*EXERCISE DESCRIPTION*
With the line containing "eapply Rle_trans. apply" as the first and the final line of the entries as the last, repeat exactly the lines in that span, including both.

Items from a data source
• • • •

(* Let $\{x^k\}$ be generated by the ABP algorithm described in the context and assume (A1)–(A6), (A7') and (A8) below: (A1) $\mathcal F$ is continuously differentiable; (A2) $C$ and $Q$ are nonempty, closed and convex, and $z_i^*>-\infty$ for each $i$; (A3) each $f_i$ is convex; (A4) $\Omega\neq\emptyset$; (A5) $\lambda_k>0$, $\sum_k\lambda_k=\infty$, $\sum_k\lambda_k^2<\infty$; (A6) $\underline\alpha\le\alpha_k\le\bar\alpha$, $\underline\beta\le\beta_k\le\bar\beta$, $\underline\gamma\le\gamma_k\le\bar\gamma$ for all $k$, for constants $0<\underline\alpha\le\bar\alpha$, $0<\underline\beta\le\bar\beta$, $0<\underline\gamma\le\bar\gamma$; (A7') $\sigma:=\varphi^*-\varphi_{\mathrm{lb}}\le\varepsilon_0$ for a known constant $\varepsilon_0\ge0$; (A8) $\sup_k\|x^k\|\le B<\infty$. Let $\bar M<\infty$ be a uniform bound $\|d^k\|\le\bar M$ for all $k$ (which exists under these assumptions), $\bar\eta:=\max(\mu,\bar M)$ and $C_*:=\bar\alpha\bar\eta/\mu$. Then there exist a subsequence $\{k_j\}$ and a constant $\ell_*\in[0,C_*\varepsilon_0]$ with $\Phi_{k_j}\to\ell_*$ such that every cluster point $\hat x$ of $\{x^{k_j}\}$ satisfies: (i) $H(\hat x)\le \ell_*/\underline\beta\le C_*\varepsilon_0/\underline\beta$, i.e. $\mathrm{dist}(\hat x,C)\le\sqrt{2C_*\varepsilon_0/\underline\beta}$; (ii) $G(\hat x)\le\ell_*/\underline\gamma\le C_*\varepsilon_0/\underline\gamma$, i.e. $\mathrm{dist}(\mathcal F(\hat x),Q^+)\le\sqrt{2C_*\varepsilon_0/\underline\gamma}$; (iii) $\varphi(\hat x)\le\varphi_{\mathrm{lb}}+\ell_*/\underline\alpha\le\varphi^*+C_*\varepsilon_0/\underline\alpha$. Moreover, when $\varepsilon_0=0$, one has $\ell_*=0$, all three bounds vanish, and $\hat x\in\Omega$.
   Context: Let $n,m\ge1$, $\mathcal F=(f_1,\dots,f_m)\colon\mathbb R^n\to\mathbb R^m$, $C\subset\mathbb R^n$, $Q\subset\mathbb R^m$, and $Q^+:=Q-\mathbb R^m_+=\{y-u:y\in Q,u\in\mathbb R^m_+\}$. $P_S$ denotes Euclidean projection onto a nonempty closed convex set $S$. Let $z_i^*:=\inf_{x\in C}f_i(x)$, fix $r\in\mathbb R^m$ with all $r_i>0$, $\sum_ir_i=1$. Define $\varphi(x):=\max_i r_i(f_i(x)-z_i^* )$, $H(x):=\tfrac12\mathrm{dist}^2(x,C)$, $G(x):=\tfrac12\mathrm{dist}^2(\mathcal F(x),Q^+)$, $\mathcal S:=\{x:H(x)=0,G(x)=0\}$, $\varphi^*:=\inf_{\mathcal S}\varphi$, $\Omega:=\{x\in\mathcal S:\varphi(x)=\varphi^*\}$, $\varphi_{\mathrm{lb}}:=\inf_{x\in C}\varphi(x)$. ABP algorithm: given $x^0\in\mathbb R^n$, $\mu>0$, positive sequences $\{\alpha_k\},\{\beta_k\},\{\gamma_k\},\{\lambda_k\}$, for each $k$: $p^k:=P_{Q^+}(\mathcal F(x^k))$, $\rho^k:=\mathcal F(x^k)-p^k$, $z^k:=x^k-P_C(x^k)$, $v^k:=J_{\mathcal F}(x^k)^T\rho^k$, $w^k:=r_{i^*}\nabla f_{i^*}(x^k)$ for an arbitrary $i^*\in\arg\max_ir_i(f_i(x^k)-z_i^* )$, $\Delta_k:=\varphi(x^k)-\varphi_{\mathrm{lb}}$, $d^k:=\alpha_k\mathbf 1_{\{\Delta_k\ge0\}}w^k+\beta_kz^k+\gamma_kv^k$, $\eta_k:=\max(\mu,\|d^k\|)$, $x^{k+1}:=x^k-(\lambda_k/\eta_k)d^k$. Notation: $H_k:=H(x^k)$, $G_k:=G(x^k)$, $\Delta_k^+:=\max(\Delta_k,0)$, $\Phi_k:=\alpha_k\Delta_k^++\beta_kH_k+\gamma_kG_k$. *)

(* R : realType, vectors of R^n are row vectors 'rV[R]_n
   (whose canonical topology is the product = Euclidean topology). *)
From HB Require Import structures.
From mathcomp Require Import all_boot all_order all_algebra.
From mathcomp Require Import all_classical all_reals all_analysis.
Set Implicit Arguments. Unset Strict Implicit. Unset Printing Implicit Defensive.
Import Order.TTheory GRing.Theory Num.Theory.
Import numFieldNormedType.Exports.
Local Open Scope classical_set_scope.
Local Open Scope ring_scope.
Lemma lim_unique D f L M : nonzero_near0 D -> lim D f L -> lim D f M -> L = M.
Proof.
  intros Ha Hf Hg. destruct (Req_dec L M) as [|Hne]; auto. exfalso.
  set (e := Rabs (L - M) / 2).
  assert (He : 0 < e). { unfold e. apply Rdiv_lt_0_compat; [|lra]. apply Rabs_pos_lt. lra. }
  destruct (Hf e He) as [d1 [Hd1 H1]]. destruct (Hg e He) as [d2 [Hd2 H2]].
  destruct (Ha (Rmin d1 d2)) as [h [Hh [Hhd Dh]]]. apply Rmin_pos; auto.
  specialize (H1 h Hh (Rlt_le_trans _ _ _ Hhd (Rmin_l _ _)) Dh).
  specialize (H2 h Hh (Rlt_le_trans _ _ _ Hhd (Rmin_r _ _)) Dh).
  assert (Rabs (L - M) <= Rabs (f h - M) + Rabs (f h - L)).
  { replace (L - M) with ((f h - M) - (f h - L)) by ring.
    eapply Rle_trans. apply Rabs_triang. rewrite Rabs_Ropp. lra. }
  unfold e in *. lra.
Qed.

Lemma lim_mult_zero D f g : lim D f 0 -> (exists d0 K, 0 < d0 /\ forall h, h <> 0 -> Rabs h < d0 -> D h -> Rabs (g h) <= K) ->
  lim D (fun h => f h * g h) 0.
Proof.
  intros Hf [d0 [K [Hd0 HK]]] e He.
  set (K' := Rabs K + 1).
  destruct (Hf (e / K')) as [d [Hd H]]. apply Rdiv_lt_0_compat; auto. unfold K'; pose proof (Rabs_pos K); lra.
  exists (Rmin d d0). split. apply Rmin_pos; auto.
  intros h Hh Hhd Dh.
  specialize (H h Hh (Rlt_le_trans _ _ _ Hhd (Rmin_l _ _)) Dh).
  specialize (HK h Hh (Rlt_le_trans _ _ _ Hhd (Rmin_r _ _)) Dh).
  rewrite Rminus_0_r in *. rewrite Rabs_mult.
  assert (Rabs (g h) <= K') by (unfold K'; pose proof (Rle_abs K); lra).
  assert (Hk : 0 < K') by (unfold K'; pose proof (Rabs_pos K); lra).
  assert (Rabs (f h) * K' < e).
  { apply (Rmult_lt_compat_r K') in H; auto. unfold Rdiv in H. rewrite Rmult_assoc, Rinv_l in H by lra. lra. }
  pose proof (Rabs_pos (f h)). pose proof (Rabs_pos (g h)). nra.
Qed.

• • • •

*EXPECTED ANSWER*
    eapply Rle_trans. apply Rabs_triang. rewrite Rabs_Ropp. lra. }
  unfold e in *. lra.
Qed.

Lemma lim_mult_zero D f g : lim D f 0 -> (exists d0 K, 0 < d0 /\ forall h, h <> 0 -> Rabs h < d0 -> D h -> Rabs (g h) <= K) ->
  lim D (fun h => f h * g h) 0.
Proof.
  intros Hf [d0 [K [Hd0 HK]]] e He.
  set (K' := Rabs K + 1).
  destruct (Hf (e / K')) as [d [Hd H]]. apply Rdiv_lt_0_compat; auto. unfold K'; pose proof (Rabs_pos K); lra.
  exists (Rmin d d0). split. apply Rmin_pos; auto.
  intros h Hh Hhd Dh.
  specialize (H h Hh (Rlt_le_trans _ _ _ Hhd (Rmin_l _ _)) Dh).
  specialize (HK h Hh (Rlt_le_trans _ _ _ Hhd (Rmin_r _ _)) Dh).
  rewrite Rminus_0_r in *. rewrite Rabs_mult.
  assert (Rabs (g h) <= K') by (unfold K'; pose proof (Rle_abs K); lra).
  assert (Hk : 0 < K') by (unfold K'; pose proof (Rabs_pos K); lra).
  assert (Rabs (f h) * K' < e).
  { apply (Rmult_lt_compat_r K') in H; auto. unfold Rdiv in H. rewrite Rmult_assoc, Rinv_l in H by lra. lra. }
  pose proof (Rabs_pos (f h)). pose proof (Rabs_pos (g h)). nra.
Qed.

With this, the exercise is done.